1

I have run below command in EC2 instance to unload data from cassandra and store it at some place in EC2, But I observing that for each dsbulk unload command it generates 2 json files irrespective of how large or small the file size is.

How do I have control over how many files are generated? example, Suppose I want a particular dsbulk unload to generate 5 part files instead of 2?

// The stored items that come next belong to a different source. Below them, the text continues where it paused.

Definition gap n := d y q - d y m - L * slope n.

Lemma gapE n : gap n =
  d y q - d y m - L / dyadic_time n * (d y (g (dyadic_time n)) - d y m).
Proof. by rewrite /gap /slope mulrA mulrAC. Qed.

Lemma gap_ge0 n : 0 <= gap n.
Proof.
rewrite /gap subr_ge0 -ler_pdivlMl // mulrC -slope0.
exact: slope_nonincr (leq0n n).
Qed.

Lemma gap_nondecr : nondecreasing_seq gap.
Proof.
move=> i j ij; rewrite /gap lerD2l lerN2 ler_pM2l //.
exact: slope_nonincr.
Qed.

Lemma bowtie_le_limn_gap eta :
  ((2^-1 * eta ^+ 2 * d q m ^+ 2 *
    ((Num.max (d y m) (d y q))^-1 * \1_(bowtie_compl d m q eta) y))%:E <=
   limn (fun n => (gap n)%:E))%E.
Proof.
rewrite indicE; case: (boolP (y \in _)) => [|_]; last first.
  rewrite !mulr0; apply: lime_ge; last by apply: nearW => n; rewrite lee_fin gap_ge0.
  by apply: ereal_nondecreasing_is_cvgn => i j ij; rewrite lee_fin gap_nondecr.
rewrite inE => /(_ g hg) [a [b [ha [_ ab_le]]]].
have gap_a : (gap n)%:E @[n --> \oo] --> (d y q - d y m - L * a)%:E.
  apply: cvg_EFin; first exact: nearW.
  by apply: cvgB; [exact: cvg_cst | apply: cvgM; [exact: cvg_cst | exact: slope_cvg]].
rewrite mulr1 (cvg_lim _ gap_a) // lee_fin.
rewrite distC; apply: bowtie_gain; rewrite ?dist_ge0 //.
- by rewrite (distC y m); exact: dist_triangle.
- exact: right_deriv_slope_le.
- exact: right_deriv_cat_slope_le.
- by apply: le_trans ab_le; rewrite le_max lexx.
Qed.

End chord_slopes.
End hadamard_geometry.

Lemma measurable_fun_dist (R : realType) (Q : Type) (d : Q -> Q -> R)
    (dO : measure_display) (Omega : measurableType dO) (Y : Omega -> Q) (p : Q) :
  is_metric d -> (forall U : set Q, d_open d U -> measurable (Y @^-1` U)) ->
  measurable_fun setT (fun w => d (Y w) p).
Proof.
move=> md hY; apply: (measurability _ (RGenOInfty.measurableE R)) => //.
move=> _ [_ [x ->] <-]; rewrite setTI.
have -> : (fun w => d (Y w) p) @^-1` `]x, +oo[%classic = Y @^-1` [set z | x < d z p].
  by apply/seteqP; split => w /=; rewrite in_itv /= andbT.
apply: hY => z /= xz; exists (d z p - x); split; first by rewrite subr_gt0.
by move=> y zy; have := md.2.2.2 z y p; have := md.2.2.1 z y; lra.
Qed.

Section integral_le_limn.
Local Open Scope ereal_scope.
Context dT (T : measurableType dT) (R : realType).
Variable mu : {measure set T -> \bar R}.

Lemma ge0_le_integralT (f1 f2 : T -> \bar R) :
  (forall x, 0 <= f1 x) -> (forall x, f1 x <= f2 x) ->
  \int[mu]_x f1 x <= \int[mu]_x f2 x.
Proof.
move=> f1_ge0 f12; have f2_ge0 x : 0 <= f2 x := le_trans (f1_ge0 x) (f12 x).
rewrite !ge0_integralTE //; apply: ereal_sup_le => _ [h h_le <-].
by exists h => //= x; exact: le_trans (h_le x) (f12 x).
Qed.

Lemma integral_le_nd_limn (u : nat -> T -> R) (phi : T -> R) (c : R) (B : \bar R) :
  (0 <= c)%R -> (forall n, measurable_fun setT (u n)) ->
  (forall n x, (0 <= u n x)%R) -> (forall x, nondecreasing_seq (u ^~ x)) ->
  (forall n, \int[mu]_x (u n x)%:E <= B) -> (forall x, (0 <= phi x)%R) ->
  (forall x, (c * phi x)%:E <= limn (fun n => (u n x)%:E)) ->
  c%:E * \int[mu]_x (phi x)%:E <= B.
Proof.
move=> c_ge0 u_meas u_ge0 u_nd u_le phi_ge0 phi_le.
have [->|c_neq0] := eqVneq c 0%R.
  rewrite mul0e; apply: le_trans (u_le 0%N) => //.
  by apply: integral_ge0 => x _; rewrite lee_fin.
have c_gt0 : (0 < c)%R by rewrite lt_def c_neq0.
have cV_ge0 : (0 <= c^-1)%R by rewrite invr_ge0.
pose v n x := (c^-1 * u n x)%:E.
have vE n : v n = fun x => (c^-1)%:E * (u n x)%:E by apply: funext => x; rewrite /v EFinM.
have v_ge0 n x : 0 <= v n x by rewrite lee_fin mulr_ge0.
have mv n : measurable_fun setT (v n).
  by apply/measurable_EFinP; apply: measurable_funM => //; exact: u_meas.
have v_nd x : {homo v ^~ x : i j / (i <= j)%N >-> i <= j}.
  by move=> i j ij; rewrite lee_fin ler_wpM2l // u_nd.
have mct := @cvg_monotone_convergence _ _ _ mu setT measurableT v mv
  (fun n x _ => v_ge0 n x) (fun x _ => v_nd x).
have phi_le_limv x : (phi x)%:E <= limn (v ^~ x).
  rewrite (_ : v ^~ x = fun n => (c^-1)%:E * (u n x)%:E); last first.
    by apply: funext => n; rewrite vE.
  rewrite limeMl // ?lee_pdivlMl // -?EFinM; first exact: phi_le.
  by apply: ereal_nondecreasing_is_cvgn => i j ij; rewrite lee_fin u_nd.
have phi_ge0E x : 0 <= (phi x)%:E by rewrite lee_fin.
rewrite -lee_pdivlMl //; apply: le_trans (ge0_le_integralT phi_ge0E phi_le_limv) _.
rewrite -(cvg_lim _ mct) //; apply: lime_le; first exact: cvgP mct.
apply: nearW => n; have u_n_ge0 x : [set: T] x -> 0 <= (u n x)%:E.
  by rewrite lee_fin.
rewrite vE ge0_integralZl_EFin //; last exact/measurable_EFinP.
by apply: lee_pmul => //; exact: integral_ge0.
Qed.

End integral_le_limn.

Section frechet_median.
Local Open Scope ereal_scope.
Variables (R : realType) (Q : Type) (d : Q -> Q -> R).
Variables (dO : measure_display) (Omega : measurableType dO).
Variables (P : probability Omega R) (Y : Omega -> Q) (o m : Q).
Hypothesis md : is_metric d.
Hypothesis hY : forall U : set Q, d_open d U -> measurable (Y @^-1` U).
Hypothesis median : forall q : Q,
  \int[P]_w (d (Y w) m - d (Y w) o)%:E <= \int[P]_w (d (Y w) q - d (Y w) o)%:E.

Let mdist p : measurable_fun setT (fun w => d (Y w) p) := measurable_fun_dist p md hY.

Lemma integrable_dist_sub p p' :
  P.-integrable setT (EFin \o (fun w => d (Y w) p - d (Y w) p')%R).
Proof.
apply: (@le_integrable _ _ _ P setT _ _ (EFin \o cst (d p p'))) => //.
- exact/measurable_EFinP/measurable_funB.
- move=> w _; rewrite /= lee_fin (ger0_norm (md.1 p p')) ler_norml.
  have := md.2.2.2 (Y w) p' p; have := md.2.2.2 (Y w) p p'; have := md.2.2.1 p p'.
  by move=> ? ? ?; apply/andP; split; lra.
- exact: finite_measure_integrable_cst.
Qed.

Lemma median_excess_ge0 p : 0 <= \int[P]_w (d (Y w) p - d (Y w) m)%:E.
Proof.
have -> : (fun w => (d (Y w) p - d (Y w) m)%:E) =
    (EFin \o (fun w => d (Y w) p - d (Y w) o)%R) \-
    (EFin \o (fun w => d (Y w) m - d (Y w) o)%R).
  by apply: funext => w; rewrite /= -EFinB; congr (_%:E); lra.
rewrite integralB ?integrable_dist_sub // subre_ge0; first exact: median.
exact/integrable_fin_num/integrable_dist_sub.
Qed.

Variables (q : Q) (g : R -> Q).

Lemma measurable_gap n : measurable_fun setT (fun w => gap d m q g (Y w) n).
Proof.
under eq_fun => w do rewrite gapE.
apply: measurable_funB; first exact: measurable_funB.
by apply: measurable_funM => //; exact: measurable_funB.
Qed.

Lemma integral_gap_le n : \int[P]_w (gap d m q g (Y w) n)%:E <=
  \int[P]_w (d (Y w) q - d (Y w) m)%:E.
Proof.
set k := (d m q / dyadic_time d m q n)%R.
have k_ge0 : (0 <= k)%R by rewrite divr_ge0 ?divr_ge0 ?md.1.
have -> : (fun w => (gap d m q g (Y w) n)%:E) =
    (EFin \o (fun w => d (Y w) q - d (Y w) m)%R) \- (fun w => k%:E *
    (EFin \o (fun w => d (Y w) (g (dyadic_time d m q n)) - d (Y w) m)%R) w).
  by apply: funext => w; rewrite gapE /= -EFinD.
rewrite integralB ?integrable_dist_sub //; last first.
  by apply: integrableZl => //; exact: integrable_dist_sub.
rewrite integralZl ?integrable_dist_sub // -[leRHS]sube0 leeB //.
by rewrite mule_ge0 // median_excess_ge0.
Qed.

End frechet_median.

Theorem mainTheorem2 (R : realType) (Q : Type) (d : Q -> Q -> R)
  (dO : measure_display) (Omega : measurableType dO)
  (P : probability Omega R) (Y : Omega -> Q) (o m q : Q) (eta : R) :
  hadamard d ->
  (forall U : set Q, d_open d U -> measurable (Y @^-1` U)) ->
  (forall q' : Q,
     (\int[P]_w (d (Y w) m - d (Y w) o)%:E <=
      \int[P]_w (d (Y w) q' - d (Y w) o)%:E)%E) ->
  q <> m ->
  0 <= eta <= 1 ->
  (\int[P]_w (d (Y w) q - d (Y w) m)%:E >=
   (2^-1 * eta ^+ 2 * d q m ^+ 2)%:E *
   \int[P]_w ((Num.max (d (Y w) m) (d (Y w) q))^-1 *
              \1_(bowtie_compl d m q eta) (Y w))%:E)%E.
Proof.
move=> hd hY median /nesym hmq _.
have [g hg] := hadamard_unit_geodesic hd m q.
apply: (integral_le_nd_limn (u := fun n w => gap d m q g (Y w) n)).
- by rewrite mulr_ge0 ?sqr_ge0 // mulr_ge0 ?sqr_ge0 ?invr_ge0.
- by move=> n; exact: measurable_gap hd.1 hY _ _ n.
- by move=> n w /=; exact: gap_ge0.
- by move=> w /=; exact: gap_nondecr.
- by move=> n; exact: integral_gap_le hd.1 hY median _ _ n.
- by move=> w; rewrite mulr_ge0 ?invr_ge0 ?le_max ?hd.1.1 // indicE.
- by move=> w /=; exact: bowtie_le_limn_gap.
Qed.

dsbulk unload -k custdata -t orderhistory -h '172.xx.xx.xxx' -c json -url proddata/json/custdata/orderhistory/data
Erick Ramirez
  • 13,964
  • 1
  • 18
  • 23
Rahul Diggi
  • 288
  • 2
  • 16

1 Answers1

2

The default behaviour for the DataStax Bulk Loader is to parallelise the tasks into multiple threads if the machine has multiple cores.

To limit the number of written files to a single CSV, set the file concurrency to 1 with:

$ dsbulk -maxConcurrentFiles 1 ...

Just be aware that this will limit the throughput of DSBulk since it will be single-threaded.

For details, see DSBulk Connector options. Cheers!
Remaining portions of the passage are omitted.